The concept behind the Centennial Challenges is to advance the state of space science technologies, and the program is adopting a traditional prize approach, effectively championed by the X-Prize which made headlines all over the world last year by awarding $10 million to Burt Rutan and Scaled Composites for successfully building a suborbital spacecraft and twice flying it to space and returning it safely. The X-Prize was based on the [Raymond] Orteig Prize that Charles A. Lindbergh won by becoming the first person to fly solo across the Atlantic Ocean in May 1927.
"The goal here is to stimulate creative, new thinking, and this may work," said Louis Friedman, Executive Director of The Planetary Society.
The first two Centennial Challenges competitions will focus on the development of lightweight yet strong tether materials for space tethers, and the advancement of wireless power transmission technologies which together will go toward building a space elevator.

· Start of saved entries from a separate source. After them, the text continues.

(* Let $\mathcal{R}$ be the universal $R$-matrix of $U_q(\mathfrak{su}_2)$, $\mu=q^{2H}$, and $Q=(q-q^{-1})^2FE+q^{2H+1}+q^{-2H-1}$. Then $$\mathrm{Tr}_1^{(1/2)}\big(\mathcal{R}_{21}\mathcal{R}_{31}\mathcal{R}_{13}\mathcal{R}_{12}(\mu\otimes1\otimes1)\big)=\Delta(Q),$$ where $\mathrm{Tr}_1^{(1/2)}$ means representing the first tensor factor in the spin-$1/2$ representation and tracing over it.
   Context: $q$ generic complex, $U_q(\mathfrak{su}_2)$ generated by $E,F,q^H$ with $q^HE=qEq^H$, $q^HF=q^{-1}Fq^H$, $[E,F]=[2H]_q$, $[x]_q=(q^x-q^{-x})/(q-q^{-1})$; coproduct $\Delta(E)=E\otimes q^{-H}+q^H\otimes E$, $\Delta(F)=F\otimes q^{-H}+q^H\otimes F$, $\Delta(q^H)=q^H\otimes q^H$. $\mathcal{R}=\sum_{k\ge0}\frac{(q-q^{-1})^k}{[k]_q!}q^{-k(k+1)/2}(F\otimes E)^k(q^{kH}\otimes q^{-kH})q^{2(H\otimes H)}=\mathcal{R}^\alpha\otimes\mathcal{R}_\alpha$; leg notation: $\mathcal{R}_{12}=\mathcal{R}^\alpha\otimes\mathcal{R}_\alpha\otimes1$, $\mathcal{R}_{13}=\mathcal{R}^\alpha\otimes1\otimes\mathcal{R}_\alpha$, $\mathcal{R}_{21}=\mathcal{R}_\alpha\otimes\mathcal{R}^\alpha\otimes1$, $\mathcal{R}_{31}=\mathcal{R}_\alpha\otimes1\otimes\mathcal{R}^\alpha$. Spin-$1/2$ representation: basis $|1/2,\pm1/2\rangle$ with $E|1/2,m\rangle=[1/2-m]_q|1/2,m+1\rangle$, $F|1/2,m\rangle=[1/2+m]_q|1/2,m-1\rangle$, $H|1/2,m\rangle=m|1/2,m\rangle$. Equalities are understood as operators on tensor products of finite-dimensional spin representations. *)

From mathcomp Require Import all_boot all_order all_algebra all_field.
Set Implicit Arguments.
Unset Strict Implicit.
Unset Printing Implicit Defensive.
Import Order.TTheory GRing.Theory Num.Theory.
Local Open Scope ring_scope.

(* We parametrize by s = q^(1/2) (q = s^2), so that all the
   half-integer powers q^x appearing (q^(kH), q^(2 H (x) H), [x]_q with x
   half-integral) are integer powers of s.
   Spin j = n/2 representation V_n : basis indexed by i : 'I_n.+1,
   the i-th basis vector being |j, m> with m = j - i, so 2m = n - 2i. *)

(* 2m for the basis vector i of spin n/2 *)
Definition wt (n : nat) (i : 'I_n.+1) : int := n%:Z - 2 * (i : nat)%:Z.

(* qbr s t = [t/2]_q = (q^(t/2) - q^(-t/2)) / (q - q^-1),  q = s^2 *)
Definition qbr (s : algC) (t : int) : algC :=
  (s ^ t - s ^ (- t)) / (s ^ 2 - s ^ (-2)).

The Tether Challenge centers on the creation of a material that combines light weight and incredible strength. Under this challenge, teams will develop high strength materials that will be stretched in a head-to-head competition to see which tether is strongest.
The Beam Power challenge focuses on the development of wireless power technologies for a wide range of exploration purposes, such as human lunar exploration and long-duration Mars reconnaissance. In this challenge, teams will develop wireless power transmission systems, including transmitters and receivers, to power robotic climbers to lift the greatest weight possible to the top of a 50-meter cable in under three minutes.
The winners of each initial 2005 challenge will receive $50,000. A second set of Tether and Beam Power challenges in 2006 will be more technically challenging, the release stated. Each of those challenges will award purses of $100,000, $40,000, and $10,000 for first, second, and third place.
NASA's Centennial Challenges prize program "promotes technical innovation through a novel program of prize competitions to tap the nation's ingenuity to make revolutionary advances to support the Vision for Space Exploration and NASA goals," according to the official agency release. The program is managed by the space agency's Exploration Systems Mission Directorate. The Spaceward Foundation is "a public-funds non-profit organization dedicated to furthering space science and technology in the public mindshare and in educational curriculums," according to it website, and is the driving force behind a project called Elevator 2010, a project to build the first space elevator.
No one was available at the Spaceward's Mountain View, California headquarters or at NASA headquarters today to offer any more detail about the quid pro quos of the new agreement.